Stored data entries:
###
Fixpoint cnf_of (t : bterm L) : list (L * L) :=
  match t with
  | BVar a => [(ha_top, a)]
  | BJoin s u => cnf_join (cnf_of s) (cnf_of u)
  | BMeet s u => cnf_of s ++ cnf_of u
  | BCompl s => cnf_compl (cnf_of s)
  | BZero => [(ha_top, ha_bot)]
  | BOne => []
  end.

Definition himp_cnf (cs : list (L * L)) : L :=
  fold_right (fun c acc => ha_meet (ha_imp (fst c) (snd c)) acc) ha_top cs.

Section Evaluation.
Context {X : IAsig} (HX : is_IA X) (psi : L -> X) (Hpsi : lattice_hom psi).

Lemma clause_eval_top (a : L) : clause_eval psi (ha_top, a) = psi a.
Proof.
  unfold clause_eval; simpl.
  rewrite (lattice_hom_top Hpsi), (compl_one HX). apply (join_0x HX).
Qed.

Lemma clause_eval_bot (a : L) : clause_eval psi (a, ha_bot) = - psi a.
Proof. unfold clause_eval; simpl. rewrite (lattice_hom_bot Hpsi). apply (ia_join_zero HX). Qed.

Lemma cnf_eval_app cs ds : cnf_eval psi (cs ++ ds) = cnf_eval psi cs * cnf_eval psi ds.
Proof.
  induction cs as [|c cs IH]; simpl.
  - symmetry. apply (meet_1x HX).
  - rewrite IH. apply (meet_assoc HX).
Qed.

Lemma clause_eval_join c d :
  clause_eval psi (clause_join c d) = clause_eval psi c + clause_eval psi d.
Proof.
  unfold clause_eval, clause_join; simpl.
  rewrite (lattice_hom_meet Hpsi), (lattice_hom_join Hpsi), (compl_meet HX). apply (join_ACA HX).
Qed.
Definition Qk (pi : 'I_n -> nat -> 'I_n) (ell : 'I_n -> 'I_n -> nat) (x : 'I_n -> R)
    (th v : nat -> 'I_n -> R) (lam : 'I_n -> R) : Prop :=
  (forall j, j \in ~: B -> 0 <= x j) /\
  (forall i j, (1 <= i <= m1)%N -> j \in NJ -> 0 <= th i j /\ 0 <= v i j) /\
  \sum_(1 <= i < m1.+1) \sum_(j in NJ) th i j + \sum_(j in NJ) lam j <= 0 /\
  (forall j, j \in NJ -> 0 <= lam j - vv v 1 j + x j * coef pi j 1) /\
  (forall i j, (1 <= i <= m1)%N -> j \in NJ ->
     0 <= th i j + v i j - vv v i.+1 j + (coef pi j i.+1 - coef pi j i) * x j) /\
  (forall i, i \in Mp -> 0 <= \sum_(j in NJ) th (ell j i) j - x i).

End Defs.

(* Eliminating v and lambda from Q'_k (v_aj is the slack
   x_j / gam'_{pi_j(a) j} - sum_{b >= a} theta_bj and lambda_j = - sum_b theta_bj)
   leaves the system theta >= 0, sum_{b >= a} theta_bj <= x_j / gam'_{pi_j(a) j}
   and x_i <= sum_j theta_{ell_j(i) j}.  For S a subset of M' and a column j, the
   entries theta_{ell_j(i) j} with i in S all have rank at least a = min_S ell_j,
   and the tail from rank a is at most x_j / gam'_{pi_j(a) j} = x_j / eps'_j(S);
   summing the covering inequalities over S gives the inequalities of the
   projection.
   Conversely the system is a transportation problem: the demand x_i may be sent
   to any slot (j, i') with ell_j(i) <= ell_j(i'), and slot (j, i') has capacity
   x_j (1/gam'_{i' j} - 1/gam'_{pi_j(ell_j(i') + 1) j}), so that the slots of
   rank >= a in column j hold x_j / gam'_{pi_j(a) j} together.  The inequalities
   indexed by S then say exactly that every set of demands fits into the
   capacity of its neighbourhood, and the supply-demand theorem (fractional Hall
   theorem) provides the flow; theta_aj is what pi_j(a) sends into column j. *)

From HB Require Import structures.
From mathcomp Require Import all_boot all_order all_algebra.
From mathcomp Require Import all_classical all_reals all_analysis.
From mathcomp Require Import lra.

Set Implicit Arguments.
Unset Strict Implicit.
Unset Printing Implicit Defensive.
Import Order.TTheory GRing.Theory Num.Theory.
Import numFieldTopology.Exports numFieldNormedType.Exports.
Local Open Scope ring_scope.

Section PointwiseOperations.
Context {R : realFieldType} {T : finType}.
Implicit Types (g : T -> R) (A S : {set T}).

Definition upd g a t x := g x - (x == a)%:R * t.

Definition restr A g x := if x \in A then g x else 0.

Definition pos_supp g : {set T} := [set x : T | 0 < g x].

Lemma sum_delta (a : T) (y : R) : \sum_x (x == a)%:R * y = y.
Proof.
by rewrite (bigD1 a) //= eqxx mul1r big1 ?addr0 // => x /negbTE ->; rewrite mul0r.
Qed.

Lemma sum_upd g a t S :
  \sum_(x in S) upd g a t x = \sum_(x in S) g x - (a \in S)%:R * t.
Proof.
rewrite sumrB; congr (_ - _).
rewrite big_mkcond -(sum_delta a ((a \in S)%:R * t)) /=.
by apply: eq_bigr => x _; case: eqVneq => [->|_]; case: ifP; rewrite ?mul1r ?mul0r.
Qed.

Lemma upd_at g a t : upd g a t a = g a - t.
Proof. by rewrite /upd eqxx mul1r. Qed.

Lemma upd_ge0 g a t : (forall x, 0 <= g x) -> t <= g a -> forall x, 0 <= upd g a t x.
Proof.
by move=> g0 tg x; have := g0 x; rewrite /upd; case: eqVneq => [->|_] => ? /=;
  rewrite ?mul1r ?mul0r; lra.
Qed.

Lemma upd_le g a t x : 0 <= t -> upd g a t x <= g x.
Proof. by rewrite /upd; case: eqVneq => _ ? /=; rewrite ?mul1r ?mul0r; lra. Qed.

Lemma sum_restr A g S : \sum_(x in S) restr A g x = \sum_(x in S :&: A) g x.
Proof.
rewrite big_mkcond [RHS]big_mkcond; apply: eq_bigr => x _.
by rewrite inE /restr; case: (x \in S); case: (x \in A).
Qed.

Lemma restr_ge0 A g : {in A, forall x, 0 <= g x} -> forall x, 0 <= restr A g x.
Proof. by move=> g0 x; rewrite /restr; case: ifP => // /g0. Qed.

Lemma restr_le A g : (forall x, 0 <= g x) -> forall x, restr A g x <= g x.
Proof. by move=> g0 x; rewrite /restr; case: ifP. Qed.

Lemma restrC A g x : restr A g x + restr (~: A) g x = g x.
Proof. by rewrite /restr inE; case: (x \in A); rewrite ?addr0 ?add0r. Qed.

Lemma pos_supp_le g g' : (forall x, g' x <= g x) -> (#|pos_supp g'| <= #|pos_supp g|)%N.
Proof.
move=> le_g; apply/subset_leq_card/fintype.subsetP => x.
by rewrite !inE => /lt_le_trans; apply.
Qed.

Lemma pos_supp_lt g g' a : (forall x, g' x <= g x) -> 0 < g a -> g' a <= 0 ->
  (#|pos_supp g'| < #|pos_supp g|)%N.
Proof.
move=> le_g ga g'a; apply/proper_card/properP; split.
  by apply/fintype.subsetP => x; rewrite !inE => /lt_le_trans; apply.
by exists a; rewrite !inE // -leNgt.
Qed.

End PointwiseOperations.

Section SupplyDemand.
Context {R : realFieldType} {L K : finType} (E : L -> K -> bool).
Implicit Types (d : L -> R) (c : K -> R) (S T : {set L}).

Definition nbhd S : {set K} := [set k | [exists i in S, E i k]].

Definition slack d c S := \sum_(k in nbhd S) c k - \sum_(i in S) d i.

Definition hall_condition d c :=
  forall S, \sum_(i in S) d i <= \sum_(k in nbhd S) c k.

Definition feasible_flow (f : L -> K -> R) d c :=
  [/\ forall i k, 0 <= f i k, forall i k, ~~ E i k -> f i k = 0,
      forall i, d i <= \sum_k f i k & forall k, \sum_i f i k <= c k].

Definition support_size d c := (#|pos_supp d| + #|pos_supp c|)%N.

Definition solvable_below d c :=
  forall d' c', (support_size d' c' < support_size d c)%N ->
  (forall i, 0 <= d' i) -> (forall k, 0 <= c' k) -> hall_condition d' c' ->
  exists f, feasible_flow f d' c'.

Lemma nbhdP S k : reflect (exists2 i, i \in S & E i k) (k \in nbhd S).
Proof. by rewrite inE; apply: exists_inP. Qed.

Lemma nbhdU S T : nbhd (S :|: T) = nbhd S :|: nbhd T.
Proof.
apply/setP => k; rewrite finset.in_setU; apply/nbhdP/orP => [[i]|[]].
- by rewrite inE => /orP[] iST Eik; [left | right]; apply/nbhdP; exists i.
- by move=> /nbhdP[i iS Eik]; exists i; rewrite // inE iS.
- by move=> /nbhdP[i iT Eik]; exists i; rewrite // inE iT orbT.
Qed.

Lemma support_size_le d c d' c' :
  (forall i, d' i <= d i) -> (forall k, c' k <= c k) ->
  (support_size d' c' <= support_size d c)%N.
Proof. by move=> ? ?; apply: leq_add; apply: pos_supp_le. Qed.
###
| TASK DIRECTIONS |
The lines above, starting at the one with "rank >= a in" and ending at the one with "capacity of its", are the only ones to return, exactly as written.

| ANSWER TO THE PROBLEM |
   rank >= a in column j hold x_j / gam'_{pi_j(a) j} together.  The inequalities
   indexed by S then say exactly that every set of demands fits into the
   capacity of its neighbourhood, and the supply-demand theorem (fractional Hall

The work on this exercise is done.